TypeError(“<enum ‘State’> has no members; specify names=() if you meant to create a new, empty, enum”)

No, we can’t just call _get_valid_values and expect the values to be assigned in the State enum. Or can we?

"""Contents of main.py"""

from enum import Enum

from yaml import load, Loader


def _get_valid_values() -> list[str]: ...


class State(str, Enum):
    """Enumerations of valid values."""
    
    # https://docs.python.org/3/library/enum.html#enum.Enum._ignore_
    _ignore_ = ["State", "value"]
    State = vars()
    for value in _get_valid_values():
        State[value] = value


if __name__ == "__main__":
    try:
        print(repr(State(value="MO")))  # <State.MO: 'MO'>
    except Exception as exc:
        print(repr(exc))

It turns out that you can assign the values within the enum by using the private _ignore_ value. From the docs:

_ignore_ is a list of names that will not become members, and whose names will also be removed from the completed enumeration. See TimePeriod for an example.

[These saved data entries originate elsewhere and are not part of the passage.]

(* Let $H:\mathbb{R}\to\mathbb{R}$ be a smooth, bounded function with $H(-s)=H(s)\ge 0$ for all $s$, $\int_0^{+\infty} sH(s)\,ds=1$, and such that $H$ either has compact support or $H$ and all its derivatives decay sufficiently fast as $|s|\to\infty$. Let $\zeta:\mathbb{R}\to\mathbb{R}$ be continuous and bounded with $\min_{x\in\mathbb{R}}\zeta(x)=\delta_m>0$, and define $\gamma(s,x)=\zeta(x)^{-2}H(s/\zeta(x))$. Let $\psi_0$ be piecewise continuous and uniformly bounded on $\mathbb{R}$ with a finite number of discontinuities, and let $u=u(x,t)$ be the solution of $$u_t(x,t)+\int_0^{+\infty}\big[u(x,t)-u(x-s,t)\big]\gamma(s,x)\,ds=0,\quad x\in\mathbb{R},\ t>0,\qquad u(x,0)=\psi_0(x).$$ Then for all $t>0$ the function $u(\cdot,t)$ remains piecewise continuous, and its only points of discontinuity are (among) the points of discontinuity of the initial data $\psi_0$.
   Context: This is a nonlocal analogue of the linear convection equation $u_t+u_x=0$; the integral term is an upwind nonlocal derivative with kernel $\gamma$ and spatially varying horizon parameter $\zeta(x)$, which measures the range of nonlocal interactions. Throughout, the horizon is assumed strictly positive everywhere (fully nonlocal regime). *)

From Stdlib Require Import Reals List.
From Coquelicot Require Import Coquelicot.
Open Scope R_scope.

Definition smooth (f : R -> R) : Prop :=
  forall (n : nat) (x : R), ex_derive_n f n x.

Definition bounded_fun (f : R -> R) : Prop :=
  exists M : R, forall x, Rabs (f x) <= M.

Definition compact_support (f : R -> R) : Prop :=
  exists A : R, forall s, A < Rabs s -> f s = 0.

(* "H and all its derivatives decay sufficiently fast": read as rapid
   (Schwartz-type) decay: |s|^k |H^(n)(s)| is bounded for all n, k. *)
Definition rapid_decay (f : R -> R) : Prop :=
  forall (n k : nat), exists M : R,
    forall s, Rabs s ^ k * Rabs (Derive_n f n s) <= M.

Definition piecewise_continuous (f : R -> R) : Prop :=
  exists D : list R,
    (forall x, ~ In x D -> continuous f x) /\
    (forall x, In x D ->
       (exists l, filterlim f (at_left x) (locally l)) /\
       (exists l, filterlim f (at_right x) (locally l))).

Definition gamma (H zeta : R -> R) (s x : R) : R :=
  / (zeta x ^ 2) * H (s / zeta x).

Definition is_solution (H zeta psi0 : R -> R) (u : R -> R -> R) : Prop :=
  (forall x, u x 0 = psi0 x) /\
  (forall x, filterlim (fun t => u x t) (at_right 0) (locally (psi0 x))) /\
  (forall T, exists M, forall x t, 0 <= t <= T -> Rabs (u x t) <= M) /\
  (forall x t, 0 < t ->
     exists I : R,
       is_RInt_gen (fun s => (u x t - u (x - s) t) * gamma H zeta s x)
                   (at_point 0) (Rbar_locally p_infty) I /\
       is_derive (fun tau => u x tau) t (- I)).

From Stdlib Require Import Reals Lra Psatz.
From Coquelicot Require Import Coquelicot.
Open Scope R_scope.

(* Fix t and truncate the kernel at b: with the rate [trunc_rate b x] and the
   convolution [trunc_conv b (u . s) x], the equation becomes
   u_t + trunc_rate b x * u = trunc_conv b (u . s) x up to a tail of size O(1/b),
   since s^2 H(s) is bounded.  Both truncated coefficients depend continuously on x,
   uniformly in time, so for x, x' close to each other w = u(x,.) - u(x',.) solves
   w' + trunc_rate b x * w = (small), and trunc_rate b x >= 0 gives
   |w t| <= |w 0| + (small).  Thus the oscillation of u(., t) near any point is
   bounded by that of psi0 plus an arbitrarily small error, which carries continuity
   and one-sided limits of psi0 over to u(., t). *)

Definition oscillation_dominated (v psi : R -> R) : Prop :=
  forall x0 e, 0 < e -> exists eta, 0 < eta /\
    forall x x', Rabs (x - x0) < eta -> Rabs (x' - x0) < eta ->
      Rabs (v x - v x') <= e + Rabs (psi x - psi x').

Section OscillationDominated.
Variables v psi : R -> R.
Hypothesis hdom : oscillation_dominated v psi.

Lemma dominated_continuous x0 : continuous psi x0 -> continuous v x0.
Proof.
  intros hpsi. apply filterlim_locally. intros eps.
  destruct (hdom x0 (eps / 2)) as [eta [eta_gt0 hclose]].
  { pose proof (cond_pos eps); lra. }
  pose proof (proj1 (filterlim_locally psi (psi x0)) hpsi (pos_div_2 eps)) as hpsi_near.
  refine (filter_imp _ _ _ (filter_and _ _ (locally_ball x0 (mkposreal _ eta_gt0)) hpsi_near)).
  intros y [hy hpsi_y]. change (Rabs (y - x0) < eta) in hy.
  change (Rabs (psi y - psi x0) < eps / 2) in hpsi_y. change (Rabs (v y - v x0) < eps).
  specialize (hclose y x0 hy). rewrite Rminus_diag, Rabs_R0 in hclose.
  specialize (hclose eta_gt0). lra.
Qed.

Lemma dominated_filterlim (F : (R -> Prop) -> Prop) {FF : ProperFilter F} x0 l :
  filter_le F (locally x0) -> filterlim psi F (locally l) ->
  exists l', filterlim v F (locally l').
Proof.
  intros hF hpsi. exists (lim (filtermap v F)).
  apply filterlim_locally. intros r.
  apply (complete_cauchy (filtermap v F)); [apply filtermap_proper_filter, FF |].
  intros eps.
  destruct (hdom x0 (eps / 2)) as [eta [eta_gt0 hclose]].
  { pose proof (cond_pos eps); lra. }
  assert (eps4 : 0 < eps / 4) by (pose proof (cond_pos eps); lra).
  pose proof (filter_and _ _ (hF _ (locally_ball x0 (mkposreal _ eta_gt0)))
    (proj1 (filterlim_locally psi l) hpsi (mkposreal _ eps4))) as hnear.
  destruct (filter_ex _ hnear) as [y0 [hy0 hpsi_y0]].
  exists (v y0). unfold filtermap. refine (filter_imp _ _ _ hnear). intros y [hy hpsi_y].
  change (Rabs (y - x0) < eta) in hy. change (Rabs (y0 - x0) < eta) in hy0.
  change (Rabs (psi y - l) < eps / 4) in hpsi_y.
  change (Rabs (psi y0 - l) < eps / 4) in hpsi_y0. change (Rabs (v y - v y0) < eps).
  assert (Rabs (psi y - psi y0) < eps / 2).
  { apply Rabs_lt_between in hpsi_y. apply Rabs_lt_between in hpsi_y0.
    apply Rabs_def1; lra. }
  specialize (hclose y y0 hy hy0). lra.
Qed.

Lemma dominated_piecewise_continuous :
  piecewise_continuous psi -> piecewise_continuous v.
Proof.
  intros [D [hcont hjump]]. exists D. split.
  - intros x hx. exact (dominated_continuous x (hcont x hx)).
  - intros x hx. destruct (hjump x hx) as [[l1 hl1] [l2 hl2]]. split.
    + exact (dominated_filterlim (at_left x) x l1 (filter_le_within (F := locally x) _) hl1).
    + exact (dominated_filterlim (at_right x) x l2 (filter_le_within (F := locally x) _) hl2).
Qed.

End OscillationDominated.

Lemma right_limit_MVT (f df : R -> R) t S : 0 < t ->
  (forall s, 0 < s <= t -> is_derive f s (df s)) ->
  (forall s, 0 < s <= t -> Rabs (df s) <= S) ->
  filterlim f (at_right 0) (locally (f 0)) ->
  Rabs (f t - f 0) <= t * S.
Proof.
  intros ht hder hbound hlim.
  assert (S_ge0 : 0 <= S) by (pose proof (Rabs_pos (df t)); pose proof (hbound t); lra).
  apply Rle_plus_epsilon. intros e he.
  destruct (proj1 (filterlim_locally f (f 0)) hlim (mkposreal e he)) as [d hd].
  set (s0 := Rmin (d / 2) (t / 2)).
  assert (hs0 : 0 < s0 < t /\ s0 < d).
  { pose proof (cond_pos d). assert (0 < s0) by (apply Rmin_glb_lt; lra).
    pose proof (Rmin_l (d / 2) (t / 2)). pose proof (Rmin_r (d / 2) (t / 2)).
    unfold s0 in *. lra. }
  assert (hf_s0 : Rabs (f s0 - f 0) < e).
  { apply (hd s0); [| lra]. change (Rabs (s0 - 0) < d). rewrite Rminus_0_r, Rabs_right; lra. }
  destruct (MVT_gen f s0 t df) as [c [hc hmvt]].
  - intros x hx. rewrite Rmin_left, Rmax_right in hx by lra. apply hder. lra.
  - intros x hx. rewrite Rmin_left, Rmax_right in hx by lra.
    apply continuity_pt_filterlim, (ex_derive_continuous (V := R_NormedModule)).
    exists (df x). apply hder. lra.
  - rewrite Rmin_left, Rmax_right in hc by lra.
    replace (f t - f 0) with ((f t - f s0) + (f s0 - f 0)) by ring.
    eapply Rle_trans; [apply Rabs_triang |].
    rewrite hmvt, Rabs_mult, (Rabs_right (t - s0)) by lra.
    pose proof (hbound c ltac:(lra)). pose proof (Rabs_pos (df c)). nra.
Qed.

(* The integrating factor [exp (A s)] turns the equation into a derivative bound;
   for [A >= 0] dividing by it at the end costs nothing. *)
Lemma linear_ode_growth (w dw : R -> R) A theta t : 0 < t -> 0 <= A ->
  (forall s, 0 < s <= t -> is_derive w s (dw s)) ->
  (forall s, 0 < s <= t -> Rabs (dw s + A * w s) <= theta) ->
  filterlim w (at_right 0) (locally (w 0)) ->
  Rabs (w t) <= Rabs (w 0) + t * theta.
Proof.
  intros ht hA hder hbound hlim.
  set (f := fun s => exp (A * s) * w s).
  assert (exp_mono : forall s, s <= t -> exp (A * s) <= exp (A * t)).
  { intros s hs. destruct (Rle_lt_or_eq_dec (A * s) (A * t)) as [hlt | heq]; [nra | |].
    - now apply Rlt_le, exp_increasing.
    - now rewrite heq. }
  assert (hmvt : Rabs (f t - f 0) <= t * (exp (A * t) * theta)).
  { apply (right_limit_MVT f (fun s => exp (A * s) * (dw s + A * w s))); [exact ht | | |].
    - intros s hs. unfold f.
      replace (exp (A * s) * (dw s + A * w s))
        with (A * exp (A * s) * w s + exp (A * s) * dw s) by ring.
      apply (is_derive_mult (fun s => exp (A * s)) w); [| now apply hder | apply Rmult_comm].
      auto_derive; [easy | ring].
    - intros s hs. rewrite Rabs_mult, Rabs_right by (apply Rle_ge, Rlt_le, exp_pos).
      apply Rmult_le_compat; [apply Rlt_le, exp_pos | apply Rabs_pos | apply exp_mono; lra |].
      now apply hbound.
    - unfold f. apply (filterlim_comp_2 (G := locally (exp (A * 0))) (H := locally (w 0))
        (fun s => exp (A * s)) w Rmult); [| exact hlim | apply (filterlim_mult (K := R_AbsRing))].
      apply (filterlim_filter_le_1 (F := locally 0)); [apply filter_le_within |].
      change (continuous (fun s => exp (A * s)) 0).
      apply (ex_derive_continuous (V := R_NormedModule)). auto_derive. easy. }
  unfold f in hmvt. rewrite Rmult_0_r, exp_0, Rmult_1_l in hmvt.
  pose proof (exp_mono 0 (Rlt_le _ _ ht)) as hE. rewrite Rmult_0_r, exp_0 in hE.
  assert (hdiv : exp (A * t) * Rabs (w t) <= exp (A * t) * (Rabs (w 0) + t * theta)).
  { rewrite <- (Rabs_right (exp (A * t))) at 1 by lra. rewrite <- Rabs_mult.
    assert (0 <= theta) by (pose proof (Rabs_pos (dw t + A * w t)); pose proof (hbound t); lra).
    pose proof (Rabs_triang_inv (exp (A * t) * w t) (w 0)). pose proof (Rabs_pos (w 0)). nra. }
  apply Rmult_le_reg_l in hdiv; lra.
Qed.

To be more specific, assigning _ignore_ to ["State", "value"] means we can use State and value as variables within the class’s logic. Not ignoring “value” would result in a TypeError saying we’ve already assigned value, and not ignoring “State” would assign State as a valid value (which we don’t want).

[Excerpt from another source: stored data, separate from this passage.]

Lemma derivable_conic (J : finType) (cs : J -> ineq) c : derivable cs c ->
  exists2 u : J -> R, forall j, 0 <= u j &
    (forall i, c.1 i = \sum_j u j * (cs j).1 i) /\ \sum_j u j * (cs j).2 <= c.2.
Proof.
elim=> {c} [j|c1 c2 _ [u1 u1_ge0 [e1 l1]] _ [u2 u2_ge0 [e2 l2]]|
            t c t_ge0 _ [u u_ge0 [e l]]|c b _ [u u_ge0 [e l]] hb].
- exists (fun k => (k == j)%:R) => [k|]; first by rewrite ler0n.
  split=> [i|]; rewrite (bigD1 j) //= eqxx mul1r big1 ?addr0 // => k /negbTE ->;
    by rewrite mul0r.
- exists (fun k => u1 k + u2 k) => [k|]; first by rewrite addr_ge0.
  split=> [i|]; first by rewrite ffunE e1 e2 -big_split; apply: eq_bigr => k _; rewrite mulrDl.
  by under eq_bigr do rewrite mulrDl; rewrite big_split lerD.
- exists (fun k => t * u k) => [k|]; first by rewrite mulr_ge0.
  split=> [i|]; first by rewrite ffunE e mulr_sumr; apply: eq_bigr => k _; rewrite mulrA.
  by under eq_bigr do rewrite -mulrA; rewrite -mulr_sumr ler_wpM2l.
- by exists u => //; split=> //; apply: le_trans hb.
Qed.

Definition feasible (J : finType) (cs : J -> ineq) := exists y, forall j, sat_ineq y (cs j).

Definition refutable (J : finType) (cs : J -> ineq) := exists2 b, b < 0 & derivable cs (0, b).

Lemma feasible_or_refutable_trivial (J : finType) (cs : J -> ineq) :
  (forall j i, (cs j).1 i = 0) -> feasible cs \/ refutable cs.
Proof.
move=> cs0; have [b_ge0|] := boolP [forall j, 0 <= (cs j).2].
  left; exists 0 => j; rewrite /sat_ineq big1 ?(forallP b_ge0) // => i _.
  by rewrite ffunE mulr0.
rewrite negb_forall => /existsP [j]; rewrite -ltNge => bj_lt0.
right; exists (cs j).2 => //.
have -> : 0 = (cs j).1 by apply/ffunP => i; rewrite cs0 ffunE.
by rewrite -surjective_pairing; apply: derivable_ax.
Qed.

Lemma exists_between (J : finType) (lo up : pred J) (l u : J -> R) :
  (forall q p, lo q -> up p -> l q <= u p) ->
  exists t, (forall q, lo q -> l q <= t) /\ (forall p, up p -> t <= u p).
Proof.
move=> lu; case: (pickP lo) => [q0 lo_q0|no_lo].
  have [q lo_q lq_max] := arg_maxP l lo_q0.
  by exists (l q); split=> // p; apply: lu.
case: (pickP up) => [p0 up_p0|no_up].
  have [p up_p up_min] := arg_minP u up_p0.
  by exists (u p); split=> // q; rewrite no_lo.
by exists 0; split=> [q|p]; rewrite ?no_lo ?no_up.
Qed.

(* Fourier-Motzkin elimination of the variable [i0]: every pair of
   inequalities is combined so that the coefficient of [i0] cancels, the
   inequalities with coefficient 0 at [i0] being kept (pairs (p, p)). *)
Section Elimination.
Variables (J : finType) (cs : J -> ineq) (i0 : I).

Let a j := (cs j).1 i0.

Definition elim_wt1 (p q : J) : R :=
  if (0 < a p) && (a q < 0) then - a q else (a p == 0)%:R.

Definition elim_wt2 (p q : J) : R := if (0 < a p) && (a q < 0) then a p else 0.

Definition elim_sys (pq : J * J) : ineq :=
  let: (p, q) := pq in
  ([ffun i => elim_wt1 p q * (cs p).1 i + elim_wt2 p q * (cs q).1 i],
   elim_wt1 p q * (cs p).2 + elim_wt2 p q * (cs q).2).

From here we can validate our JSON by adding State to a pydantic model. No more manually updating our State enum.

"""Contents of main.py"""

from enum import Enum
import json

from pydantic.main import BaseModel
from yaml import load, Loader


def _get_valid_values() -> list[str]: ...


class State(str, Enum): ...


class Location(BaseModel):
    state: State


if __name__ == "__main__":
    some_json_string = '{"state": "MO"}'
    data = json.loads(s=some_json_string)
    try:
        print(repr(Location(**data)))  # Location(state=<State.MO: 'MO'>)
    except Exception as exc:
        print(repr(exc))

Bonus

While poking around the web for other ways to dynamically create enums, I found this post on dev.to

"""Contents of main.py"""

from enum import Enum
import json

from pydantic.main import BaseModel
from yaml import load, Loader


def _get_valid_values() -> list[str]: ...


State = Enum(value="State", names={v: v for v in _get_valid_values()})


class Location(BaseModel):
    state: State


if __name__ == "__main__":
    some_json_string = '{"state": "MO"}'
    data = json.loads(s=some_json_string)
    try:
        print(repr(Location(**data)))  # Location(state=<State.MO: 'MO'>)
    except Exception as exc:
        print(repr(exc))

I like this solution because of its simplicity, but mypy raises a [misc] error saying:

Second argument of Enum() must be string, tuple, list or dict literal for mypy to determine Enum members

Because of this, I will be sticking with my inheritance approach.